While many people may have heard the term circadian rhythm, which is defined as our daily sleep-wake cycle that dictates our activities over a span of 24 hours, ultradian rhythms are governed by a 4 hour cycle. Mostly commonly visible in newborn babies who haven’t mastered sleeping through the night, scientists believe that  ultradian rhythms are why we eat three times a day with meals spaced relatively even between waking up and going to bed.

Ultradian rhythms are also known to be activated by a chemical inside the brain called dopamine. This neurotransmitter is linked to feelings of  pleasure and reward.

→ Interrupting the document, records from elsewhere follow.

Definition Kmx : 'M[R]_q :=
  1%:M + diag_mx (\row_i s i) *m ((\col_i eps i) *m (delta_mx i0 0 : 'cV[R]_q)^T - 1%:M).

Definition Emx (j : int) : 'M[R]_q :=
  \sum_(i < q | c i == - j) (M *m delta_mx i i *m invmx M *m Kmx).

(* N = max |c_i| : E_j = 0 whenever |j| > N *)
Definition Nmax : nat := (\max_(i < q) `|c i|%N)%N.

Definition lbm_step (m : int -> 'cV[R]_q) : int -> 'cV[R]_q :=
  fun j => \sum_(k < (Nmax + Nmax).+1)
              Emx (k%:Z - Nmax%:Z) *m m (j + (k%:Z - Nmax%:Z)).

Definition lbm_iter (n : nat) (m0 : int -> 'cV[R]_q) : int -> 'cV[R]_q :=
  iter n lbm_step m0.

Definition l2_vec (m : int -> 'cV[R]_q) : Prop :=
  (\esum_(j in [set: int]) (nrm2 (m j))%:E < +oo)%E.

Definition lbm_L2_stable : Prop :=
  exists C : R, 0 < C /\
    forall (dx : R), 0 < dx -> forall m0 : int -> 'cV[R]_q, l2_vec m0 ->
    forall n : nat,
      (\esum_(j in [set: int]) (dx * nrm2 (lbm_iter n m0 j))%:E
        <= C%:E * \esum_(j in [set: int]) (dx * nrm2 (m0 j))%:E)%E.

(* Polynomial matrix P(X) = X^N Ehat(X) = sum_j E_j X^(j+N), entries in {poly R}. *)
Definition Ptil : 'M[{poly R}]_q :=
  \sum_(k < (Nmax + Nmax).+1) ('X^k *: map_mx polyC (Emx (k%:Z - Nmax%:Z))).

(* det(w I - P(X)) = sum_l a_l(X) w^l, and
   det(z I - Ehat(kappa)) = kappa^{-qN} det(kappa^N z I - P(kappa))
                          = sum_l kappa^{-N(q-l)} a_l(kappa) z^l,
   so gamma_l(kappa) = kappa^{-N(q-l)} a_l(kappa)  (a Laurent polynomial). *)
Definition acoef (l : nat) : {poly R} := (char_poly Ptil)`_l.

Definition gammaT (l : nat) (u : int -> R) : int -> R :=
  fun j => \sum_(i < size (acoef l))
             (acoef l)`_i * u (j + (i%:Z - (Nmax * (q - l))%N%:Z)).

Definition snum : nat := #|[set i : 'I_q | (i != i0) && (s i != 1)]|.

Definition fd_solution (u : nat -> int -> R) : Prop :=
  forall n : nat, (snum <= n)%N -> forall j : int,
    u n.+1 j = - \sum_(l < snum.+1) gammaT (q - l - 1) (u (n - l)%N) j.

Definition l2_sc (u : int -> R) : Prop :=
  (\esum_(j in [set: int]) ((u j) ^+ 2)%:E < +oo)%E.

Definition fd_L2_stable : Prop :=
  exists C : R, 0 < C /\
    forall (dx : R), 0 < dx -> forall u : nat -> int -> R,
    (forall l : nat, (l <= snum)%N -> l2_sc (u l)) ->
    fd_solution u ->
    forall n : nat,
      (\esum_(j in [set: int]) (dx * (u n j) ^+ 2)%:E
        <= C%:E * \sum_(l < snum.+1) \esum_(j in [set: int]) (dx * (u l j) ^+ 2)%:E)%E.

Definition lbm_hyps : Prop :=
  [/\ M \in unitmx,
      (forall i : 'I_q, i != i0 -> 0 < s i <= 2) &
      eps i0 = 1].

End LBM.

(* Write P(k) = k^N E(k) = G(k) K.  A column b <> 1 of K with s_b = 1 vanishes, so K has
   rank at most s + 1 and X^(q - s - 1) divides the characteristic polynomial of P.
   Cayley-Hamilton for P, with k read as the shift T, then shows that from time q - s - 1
   on every moment of the lattice Boltzmann iterates solves the Finite Difference scheme.
   Its L^2 stability bounds them by their first s + 1 levels, and these, like all levels
   before time q - s - 1, are controlled by the crude growth bound of at most q lattice
   Boltzmann steps.
   Conversely, for q = 3, no transport, M = I and all s_i = 2, the matrix
   K = diag(1, -1, -1) is an isometry, whereas the characteristic polynomial
   (z - 1) (z + 1)^2 has a double root on the unit circle, and the Finite Difference
   scheme has the solution (-1)^n n delta_0. *)

From HB Require Import structures.
From mathcomp Require Import all_boot all_order all_algebra.
From mathcomp Require Import all_classical all_reals all_analysis.
From mathcomp Require Import ring lra zify.
Set Implicit Arguments. Unset Strict Implicit. Unset Printing Implicit Defensive.
Import Order.TTheory GRing.Theory Num.Theory.
Local Open Scope ring_scope.

Section PolyShift.
Variable R : comNzRingType.

Definition polyT (p : {poly R}) (u : int -> R) : int -> R :=
  fun j => \sum_(i < size p) p`_i * u (j + i%:Z).

Lemma polyT_widen n (p : {poly R}) u j : (size p <= n)%N ->
  polyT p u j = \sum_(i < n) p`_i * u (j + i%:Z).
Proof.
move=> hn; rewrite /polyT (big_ord_widen n (fun i => p`_i * u (j + i%:Z))) //.
rewrite big_mkcond /=; apply: eq_bigr => i _.
by case: ifP => // /negbT; rewrite -leqNgt => /(nth_default 0) ->; rewrite mul0r.
Qed.

Lemma eq_polyT (p : {poly R}) (u v : int -> R) j : u =1 v -> polyT p u j = polyT p v j.
Proof. by move=> e; apply: eq_bigr => i _; rewrite e. Qed.

Lemma polyT0 (u : int -> R) j : polyT 0 u j = 0.
Proof. by rewrite /polyT size_poly0 big_ord0. Qed.

Lemma polyT1 (u : int -> R) j : polyT 1 u j = u j.
Proof. by rewrite /polyT size_poly1 big_ord1 coefC mul1r addr0. Qed.

Lemma polyTD (p r : {poly R}) u j : polyT (p + r) u j = polyT p u j + polyT r u j.
Proof.
have hp : (size p <= size p + size r)%N by apply: leq_addr.
have hr : (size r <= size p + size r)%N by apply: leq_addl.
have hpr : (size (p + r)%R <= size p + size r)%N.
  by apply: leq_trans (size_polyD _ _) _; rewrite geq_max hp hr.
rewrite (polyT_widen u j hp) (polyT_widen u j hr) (polyT_widen u j hpr) -big_split.
by apply: eq_bigr => i _; rewrite coefD mulrDl.
Qed.

Lemma polyTZ a (p : {poly R}) u j : polyT (a *: p) u j = a * polyT p u j.
Proof.
rewrite (polyT_widen u j (size_scale_leq a p)) /polyT mulr_sumr.
by apply: eq_bigr => i _; rewrite coefZ mulrA.
Qed.

Lemma polyT_sum (I : Type) (r : seq I) (P : pred I) (F : I -> {poly R}) u j :
  polyT (\sum_(i <- r | P i) F i) u j = \sum_(i <- r | P i) polyT (F i) u j.
Proof.
by elim/big_rec2: _ => [|i a p _ <-]; rewrite ?polyT0 ?polyTD.
Qed.

Lemma polyT_sumr (p : {poly R}) (I : Type) (r : seq I) (P : pred I) (f : I -> int -> R) j :
  polyT p (fun x => \sum_(i <- r | P i) f i x) j = \sum_(i <- r | P i) polyT p (f i) j.
Proof. by rewrite /polyT exchange_big; apply: eq_bigr => i _; rewrite mulr_sumr. Qed.

Lemma polyT_shift (p : {poly R}) u t j : polyT p (fun x => u (x + t)) j = polyT p u (j + t).
Proof. by apply: eq_bigr => i _; rewrite addrAC. Qed.

Lemma polyT_XnM n (p : {poly R}) u j : polyT ('X^n * p) u j = polyT p u (j + n%:Z).
Proof.
have hs : (size ('X^n * p)%R <= n + size p)%N.
  by apply: leq_trans (size_mul_leq _ _) _; rewrite size_polyXn addSn.
rewrite (polyT_widen u j hs) big_split_ord /= big1 ?add0r; last first.
  by move=> i _; rewrite coefXnM ltn_ord mul0r.
apply: eq_bigr => i _; rewrite coefXnM ltnNge leq_addr /=.
by rewrite addKn PoszD addrA.
Qed.

Lemma polyTM (p r : {poly R}) u j : polyT (p * r) u j = polyT p (polyT r u) j.
Proof.
rewrite -{1}(coefK p) poly_def mulr_suml polyT_sum.
by apply: eq_bigr => i _; rewrite -scalerAl polyTZ polyT_XnM.
Qed.

Lemma polyT_XnC n (a : R) u j : polyT ('X^n * a%:P) u j = a * u (j + n%:Z).
Proof. by rewrite polyT_XnM -[a%:P]mulr1 mul_polyC polyTZ polyT1. Qed.

End PolyShift.

Section MatrixPolyShift.
Variables (R : comNzRingType) (n : nat).

Definition coord_seq (m : int -> 'cV[R]_n) (b : 'I_n) : int -> R := fun x => m x b 0.

Definition mxpolyT (Q : 'M[{poly R}]_n) (m : int -> 'cV[R]_n) : int -> 'cV[R]_n :=
  fun j => \col_a \sum_b polyT (Q a b) (coord_seq m b) j.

When dopamine levels are imbalanced in the brain, which can occur in individuals with bipolar disorder and schizophrenia, the typical 4-hour cycles can last for up to 48 hours.

The groundbreaking results are the first to suggest that a dopamine-based rhythm generator inside the brain and its connection to mental illness.

With all of life’s distractions, keeping a consistent sleep-wake schedule is considered by many as the hardest strategy to stick to for better snooze.

Try setting a bedtime alarm to remind that bedtime is near, set your DVR and began a relaxing routine an hour before tucking in, including activities like reading, meditation, writing, stretching or drinking Sleepy time tea.

Remember that your body isn’t a machine; give yourself time to wind down for deeper, refreshing shut-eye every night of the week!